I know that you really just want everything to end--that you can’t see anything good in your future, that the world looks dark and terrible, and maybe you’re right--the world can definitely be a dreadful place.

I know you’re just barely holding it together. But please hold on a little longer. For us. For yourself. You are going to absolutely love Outpost 37. You’re going to be the keeper of the light.

I wasn't crazy about the story’s resolution, which seemed both overly neat and overly ambiguous. As my wife, a social worker who’s worked with suicidal teens, pointed out, there’s a lot more to teen suicide than this book managed to capture, and maybe the impossibility of capturing it all led to the semi-collapse at the end. Nonetheless, I found Quick’s novel daring, affecting, and ultimately life-affirming.

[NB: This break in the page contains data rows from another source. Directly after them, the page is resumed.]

(* Let $\mathbb{H}$ be a reproducing kernel Hilbert space with inner product $\langle\cdot,\cdot\rangle$ and feature map $\phi$, and let $(X,A,Y)$ be jointly distributed with $Y=\langle\phi(X),y\rangle$ and $A=\langle\phi(X),a\rangle$ for some nonzero $y,a\in\mathbb{H}$, with $\operatorname{Var}(Y),\operatorname{Var}(A)>0$; let $\rho_{YA}$ be the correlation coefficient of $Y$ and $A$ and $\ell(u,v)=(u-v)^2$. Let $Z=g(X)$ be any (possibly randomized) representation. If $\operatorname{Var}\mathbb{E}[A\mid Z]=0$, then $$\inf_h\mathbb{E}[\ell(Y,h(Z))]\ge \operatorname{Var}(Y)\cdot\rho_{YA}^2.$$ If $\operatorname{Var}\mathbb{E}[Y\mid Z]=\operatorname{Var}(Y)$, then $$\inf_h\mathbb{E}[\ell(A,h(Z))]\le \operatorname{Var}(A)(1-\rho_{YA}^2).$$ The infima are over measurable functions $h$.
   Context: A (possibly randomized) representation is $Z=g(X,S)$ for a measurable $g$ and auxiliary randomness $S$ independent of $(X,A,Y)$. $\phi(X)$ is assumed to have finite second moment in $\mathbb{H}$. *)

From HB Require Import structures.
From mathcomp Require Import all_boot all_order all_algebra.
From mathcomp Require Import all_classical all_reals all_analysis.
Set Implicit Arguments. Unset Strict Implicit. Unset Printing Implicit Defensive.
Import Order.TTheory GRing.Theory Num.Theory.
Local Open Scope classical_set_scope.
Local Open Scope ring_scope.

(* A reproducing kernel Hilbert space of real functions on T:
   H is a real vector space, [ip] an inner product on H which makes H
   complete, [ev f x] is the value at x of the function f (ev is linear and
   injective, so H is a space of functions on T), and [phi] is the feature
   map, with the reproducing property <f, phi x> = f x. *)
Definition is_RKHS (R : realType) (T : Type) (H : lmodType R)
  (ip : H -> H -> R) (ev : H -> T -> R) (phi : T -> H) : Prop :=
  (forall (c : R) (f g h : H), ip (c *: f + g) h = c * ip f h + ip g h) /\
      (forall f g : H, ip f g = ip g f) /\
      (forall f : H, 0 <= ip f f) /\
      (forall f : H, ip f f = 0 -> f = 0) /\
      (forall u : nat -> H,
        (forall e : R, 0 < e -> exists N : nat, forall m n : nat,
           (N <= m)%N -> (N <= n)%N -> ip (u m - u n) (u m - u n) < e) ->
        exists l : H, forall e : R, 0 < e -> exists N : nat, forall n : nat,
           (N <= n)%N -> ip (u n - l) (u n - l) < e) /\
      (forall (c : R) (f g : H) (x : T), ev (c *: f + g) x = c * ev f x + ev g x) /\
      (forall f : H, (forall x, ev f x = 0) -> f = 0) /\
      (forall (f : H) (x : T), ip f (phi x) = ev f x).

(* W is a version of the conditional expectation E[V | Z]:
   W is sigma(Z)-measurable (i.e. W = h o Z with h measurable), integrable,
   and has the same integral as V on every event {Z \in B}. *)
Definition is_cond_exp {d} {Omega : measurableType d} {R : realType}
  (P : probability Omega R) {dZ} {TZ : measurableType dZ}
  (V : Omega -> R) (Z : Omega -> TZ) (W : Omega -> R) : Prop :=
  exists h : TZ -> R,
    [/\ measurable_fun setT h,
        W = h \o Z,
        P.-integrable setT (EFin \o W) &
        forall B : set TZ, measurable B ->
          (\int[P]_(w in Z @^-1` B) (V w)%:E = \int[P]_(w in Z @^-1` B) (W w)%:E)%E].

I didn't connect quite so strongly with Yaqui Delgado, perhaps simply because the dynamics of female bullying aren't as close to my own experience. But I loved the novel's narrator, Piddy, whose entire life begins to collapse around her when the bullying begins. Coupled with her burgeoning sexuality and her contentious relationship with her mother, the targeting by Yaqui and her gang quickly erodes Piddy's sense of self, as the following passage so beautifully illustrates:

Last year? I can barely remember it. That was when I could sleep at night, dreaming of my elephants and the Sahara. I could feel the rhythm of old salsa records in my bones. I could laugh with Mitzi and plan what we would wear. Augustin Sanchez was my mystery father, someone I wanted to know about. Now I can't lift my eyes or walk the way I want. I have no friends. Not even my own father wanted to get to know me. If there is a way to get that smiling girl back, I don't see it.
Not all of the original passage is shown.